Ai9zO5AP has joined #pypy
<fijal> we were thinking for example to enlarge the nursery for JIT tracing temporarily
<fijal> so you end up with a setup where you know when to stop and when to collect
<fijal> but it's a sizable research project I think?
<fijal> _aegis_: apologies, those are generally interesting questions
<_aegis_> ok, thank you, no worries
<_aegis_> my first thought on reading the gc doc was maybe the nursery size matters a lot for parsing a huge json file?
<_aegis_> and you could even dynamically resize it based on frequency of minor collections
<arigato> one other point is that I bet that most of the time, "many young objects survive" means something like "50% instead of only 10% of the objects survive"
<arigato> allocating everything immovable in the first place is still more costly than using the nursery and copying the 50% away
<_aegis_> yeah that's what I was wondering about re keeping the nursery
<cfbolz> It still feels to me like something ought to be possible
<cfbolz> But nothing I tried worked
<fijal> same
<arigato> same :-)
<cfbolz> Damn
<_aegis_> the other way to keep a nursery would be to allocate a new one, which wouldn't require updating pointers?

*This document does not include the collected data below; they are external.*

Lemma holonomy_unipotent A : F A -> (A - 1) ^+ 2 = 0 -> A = 1.
Proof.
move=> FA; apply: unipotent_finite_powers_eq1.
apply: sub_finite_set holonomy_finite => _ [k _ <-].
elim: k => [|k IHk]; first exact: holonomy1.
by rewrite exprSr; exact: holonomyM.
Qed.

(* An arbitrary translation part over [A] (junk [0] if [A] is not in [F]). *)
Definition holonomy_lift A : V := xget 0 [set c | G (c, A)].

Lemma holonomy_liftP A : F A -> G (holonomy_lift A, A).
Proof. by move=> FA; apply: (xgetPex 0 (P := [set c | G (c, A)])). Qed.

Definition normaliser_seq : seq 'M[int]_n :=
  projT1 (cid ((finite_seqP _).1 normaliser_finite)).

Lemma normaliser_seqE : GLZ_normaliser F = [set` normaliser_seq].
Proof. by rewrite /normaliser_seq; case: cid. Qed.

Definition twist_det_bound : nat :=
  (\max_(A <- normaliser_seq) \max_(B <- normaliser_seq) `|\det (1%:M - A *m B)|%N).+1.

Lemma twist_det_lt A B : GLZ_normaliser F A -> GLZ_normaliser F B ->
  (`|\det (1%:M - A *m B)|%N < twist_det_bound)%N.
Proof.
rewrite normaliser_seqE /= => NA NB; rewrite ltnS.
apply: leq_trans (leq_bigmax_seq _ NA isT); exact: leq_bigmax_seq.
Qed.

Section Automorphism.
Variable phi : aff -> aff.
Hypothesis phi_aut : is_aut G phi.

Lemma autG g : G g -> G (phi g). Proof. by case: phi_aut => + _ _ _; apply. Qed.

Lemma autM g h : G g -> G h -> phi (aff_mul g h) = aff_mul (phi g) (phi h).
Proof. by case: phi_aut => _ + _ _; apply. Qed.

Lemma aut_inj g h : G g -> G h -> phi g = phi h -> g = h.
Proof. by case: phi_aut => _ _ + _; apply. Qed.

Lemma aut_surj h : G h -> exists2 g, G g & phi g = h.
Proof. by case: phi_aut => _ _ _; apply. Qed.

Lemma aut1 : phi aff1 = aff1.
Proof.
have u1 : is_aff (phi aff1) by apply/G_aff/autG/G1.
by rewrite -[LHS](aff_mulgK _ u1) -(autM G1 G1) aff_mul1g aff_mulgV.
Qed.

Lemma autV g : G g -> phi (aff_inv g) = aff_inv (phi g).
Proof.
move=> Gg; apply: aff_inv_uniq; first exact/G_aff/autG.
by rewrite -(autM (GV Gg) Gg) aff_mulVg ?aut1 //; exact: G_aff.
Qed.

Lemma aut_tr (z : V) : G (aff_tr z) -> exists a, phi (aff_tr z) = aff_tr a.
Proof.
move=> Gz; case E : (phi (aff_tr z)) => [a A]; exists a.
have GaA : G (a, A) by rewrite -E; exact: autG.
suff -> : A = 1 by [].
apply: holonomy_unipotent; first by exists a.
apply/mulmx_deltaP => j; rewrite mul0mx expr2 -mulmxE.
have [[b B] Gs Es] := aut_surj (G_tr_delta j).
have Gz' := G_conj_tr Gs Gz.
apply: (aff_commute_tr_conj (a := a)).
rewrite -aff_tr_inv -Es -E -(autV Gs) -(autM Gs Gz) -(autM (GM Gs Gz) (GV Gs)).
rewrite (aff_conj_tr _ _ (G_aff Gs)) -(autM Gz Gz') -(autM Gz' Gz).
by rewrite !aff_tr_mul addrC.
Qed.

Definition aut_lin (z : 'cV[int]_n) : 'cV[int]_n :=
  map_mx Num.floor (phi (aff_tr (zmx z))).1.

Lemma aut_tr_zmx (z : 'cV[int]_n) :
  phi (aff_tr (zmx z)) = aff_tr (zmx (aut_lin z)).
Proof.
have Gz := G_tr_zmx z; have [a Ea] := aut_tr Gz.
have Ga : G (aff_tr a) by rewrite -Ea; exact: autG.
rewrite /aut_lin Ea; have /G_trP/mxOver_intP[a' ->] := Ga.
by congr (aff_tr (zmx _)); apply/matrixP => i j; rewrite !mxE intrKfloor.
Qed.

Fact aut_lin_is_zmod_morphism : zmod_morphism aut_lin.
Proof.
move=> x y; apply: (@zmx_inj R); apply: aff_tr_inj.
have [Gx Gy] := (G_tr_zmx x, G_tr_zmx y).
rewrite -aut_tr_zmx map_mxB -aff_tr_mul -aff_tr_inv (autM Gx (GV Gy)) (autV Gy).
by rewrite !aut_tr_zmx aff_tr_inv aff_tr_mul map_mxB.
Qed.

HB.instance Definition _ :=
  GRing.isZmodMorphism.Build _ _ aut_lin aut_lin_is_zmod_morphism.

Definition aut_mx : 'M[int]_n := \matrix_(i, j) aut_lin (delta_mx j 0) i 0.
Local Notation D := (zmx aut_mx : 'M[R]_n).

Lemma aut_trE (z : V) : G (aff_tr z) -> phi (aff_tr z) = aff_tr (D *m z).
Proof.
move=> /G_trP/mxOver_intP[z' ->].
by rewrite aut_tr_zmx -map_mxM -additive_int_colE.
Qed.

(* A preimage [(a, B)] of a translation commutes with every translation, since
   their images do; hence [B = 1]. *)
Lemma aut_mx_surj (e : 'cV[int]_n) : exists u, aut_mx *m u = e.
Proof.
have [[a B] Gg Eg] := aut_surj (G_tr_zmx e).
have B1 : B = 1%:M.
  apply/mulmx_deltaP => j; rewrite mul1mx; have Gj := G_tr_delta j.
  have : aff_mul (aff_tr (delta_mx j 0)) (a, B) =
         aff_mul (a, B) (aff_tr (delta_mx j 0)).
    apply: aut_inj; [exact: GM | exact: GM | rewrite !autM // Eg aut_trE //].
    by rewrite !aff_tr_mul addrC.
  by rewrite aff_tr_mull aff_tr_mulr addrC => -[] /addrI <-.
move: Gg Eg; rewrite B1 -/(aff_tr a) => /G_trP/mxOver_intP[u ->].
by rewrite aut_tr_zmx additive_int_colE => /aff_tr_inj /zmx_inj <-; exists u.
Qed.

Lemma aut_mx_inverse : exists E, aut_mx *m E = 1%:M.
Proof.
have [u uP] := choice (fun j : 'I_n => aut_mx_surj (delta_mx j 0)).
exists (\matrix_(i, j) u j i 0); apply/mulmx_deltaP => j.
rewrite -mulmxA -colE mul1mx -(uP j); congr (_ *m _).
by apply/matrixP => i k; rewrite (ord1 k) !mxE.
Qed.

Lemma aut_mx_unit : aut_mx \in unitmx /\ D \in unitmx.
Proof.
have [E DE] := aut_mx_inverse; split; first by case: (mulmx1_unit DE).
have : D *m zmx E = 1%:M by rewrite -map_mxM DE map_mx1.
by case/mulmx1_unit.
Qed.

Lemma aut_holonomy (a : V) A : G (a, A) -> (phi (a, A)).2 = D *m A *m invmx D.
Proof.
move=> Ga; case E : (phi (a, A)) => [b B] /=.
have Gb : G (b, B) by rewrite -E; exact: autG.
suff -> : D *m A = B *m D by rewrite mulmxK //; case: aut_mx_unit.
apply/mulmx_deltaP => j; rewrite -!mulmxA; have Gj := G_tr_delta j.
have := aut_trE (G_conj_tr Ga Gj).
rewrite -(aff_conj_tr a _ (G_aff Ga)) (autM (GM Ga Gj) (GV Ga)) (autM Ga Gj).
by rewrite (autV Ga) E (aut_trE Gj) (aff_conj_tr b _ (G_aff Gb)) => /aff_tr_inj ->.
Qed.

Lemma aut_mx_normaliser : GLZ_normaliser F aut_mx.
Proof.
split; first by case: aut_mx_unit.
rewrite /intmx; apply/seteqP; split=> [_ [A [a Ga] <-] | B [b Gb]].
  rewrite -(aut_holonomy Ga); exists (phi (a, A)).1.
  by rewrite -surjective_pairing; exact: autG.
have [[a A] Ga E] := aut_surj Gb.
by exists A; [exists a | rewrite -(aut_holonomy Ga) E].
Qed.

Local Notation tc := (twisted_conj G phi).

Lemma twisted_conj_sym g g' : G g' -> tc g g' -> tc g' g.
Proof.
move=> Gg' [h Gh ->]; exists (aff_inv h); first exact: GV.
have uph : is_aff (phi h) by apply/G_aff/autG.
by rewrite (autV Gh) aff_invK // aff_mulA aff_mulgVK // aff_mulKg //; exact: G_aff.
Qed.

Lemma twisted_conj_trans g g' g'' : tc g g' -> tc g' g'' -> tc g g''.
Proof.
move=> [h Gh ->] [k Gk ->]; exists (aff_mul h k); first exact: GM.
have [uph upk] : is_aff (phi h) /\ is_aff (phi k) by split; apply/G_aff/autG.
by rewrite (autM Gh Gk) (aff_invM uph upk) !aff_mulA.
Qed.

Lemma twist_tr (c w : V) A : G (aff_tr w) ->
  aff_mul (aff_mul (aff_tr w) (c, A)) (aff_inv (phi (aff_tr w))) =
  (c + (1%:M - A *m D) *m w, A).
Proof.
move=> Gw; rewrite aut_trE // aff_tr_inv aff_tr_mull aff_tr_mulr.
by rewrite mulmxBl mul1mx mulmxN mulmxA addrCA addrA.
Qed.

Lemma twisted_conj_box (c : V) A' : G (c, zmx A') ->
  \det (1%:M - A' *m aut_mx) != 0 ->
  exists2 r : 'cV[int]_n, (forall i, 0 <= r i 0 < `|\det (1%:M - A' *m aut_mx)|) &
    tc (holonomy_lift (zmx A') + zmx r, zmx A') (c, zmx A').
Proof.
move=> Gc d0.
have Gb : G (holonomy_lift (zmx A'), zmx A') by apply: holonomy_liftP; exists c.
have /G_trP/mxOver_intP[y Ey] : G (aff_tr (c - holonomy_lift (zmx A'))).
  by rewrite -(aff_mulV_tr _ _ (G_aff Gc)); exact: GM Gc (GV Gb).
have [w wP] := col_reduce_mod_det y d0.
exists (y - (1%:M - A' *m aut_mx) *m w) => //.
exists (aff_tr (zmx (- w))); first exact: G_tr_zmx.
rewrite (twist_tr _ _ (G_tr_zmx _)); congr pair.
rewrite map_mxB map_mxM map_mxB map_mx1 map_mxM map_mxN mulmxN -Ey.
by rewrite addrA [holonomy_lift _ + _]addrCA subrr addr0.
Qed.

<_aegis_> like, promote the whole thing in place
<_aegis_> and use a new memory area for the next nursery allocation
<arigato> ah, interesting idea... you'd still need to update some flags in all objects
<_aegis_> which you could decide during minor collection
<_aegis_> based on how many objects liced
<_aegis_> lived
<arigato> but how do you know how many objects are alive? you'd need to walk the nursery another time first
<_aegis_> sure, you're just saving the object moving step
<arigato> maybe it's a good idea
<arigato> you'd walk the nursery, write a list of objects that are alive, and either the list overflows some fixed bound or not
<_aegis_> can't you know how many are alive by how many you either freed or would've promoted?
<arigato> no, we walk the alive objects (only)
<_aegis_> sure but you can keep track of how much of the nursery that is somehow
<arigato> yes
<_aegis_> if you either know how many objects / bytes are alive; or how many are dead; you can compute the other
<arigato> I fear that the slow-down for most "regular" minor collections won't justify the occasional speed-up, though
<_aegis_> can't this be faster than actually doing the minor collection?
<cfbolz> arigato: in unrelated GC news, I really liked this talk and think you might enjoy it: https://youtu.be/c1UBJbfR-H0
<cfbolz> arigato: it's about compacting C heaps without moving objects, by doing fun tricks with remapping pages
<arigato> you can't know how many objects or which total size is alive or dead, without walking all alive objects, and that's a sizeable cost
<arigato> cfbolz: thanks for reminding me
<cfbolz> arigato: oh, did I already link it?
<_aegis_> ok, but you at least walk once and keep a list then use that list for either the rest of the minor collection or the nursery promotion
<arigato> _aegis_: maybe we can activate the slower "do extra pass first to compute the total size" only if the previous minor collection turned out to move out most of objects?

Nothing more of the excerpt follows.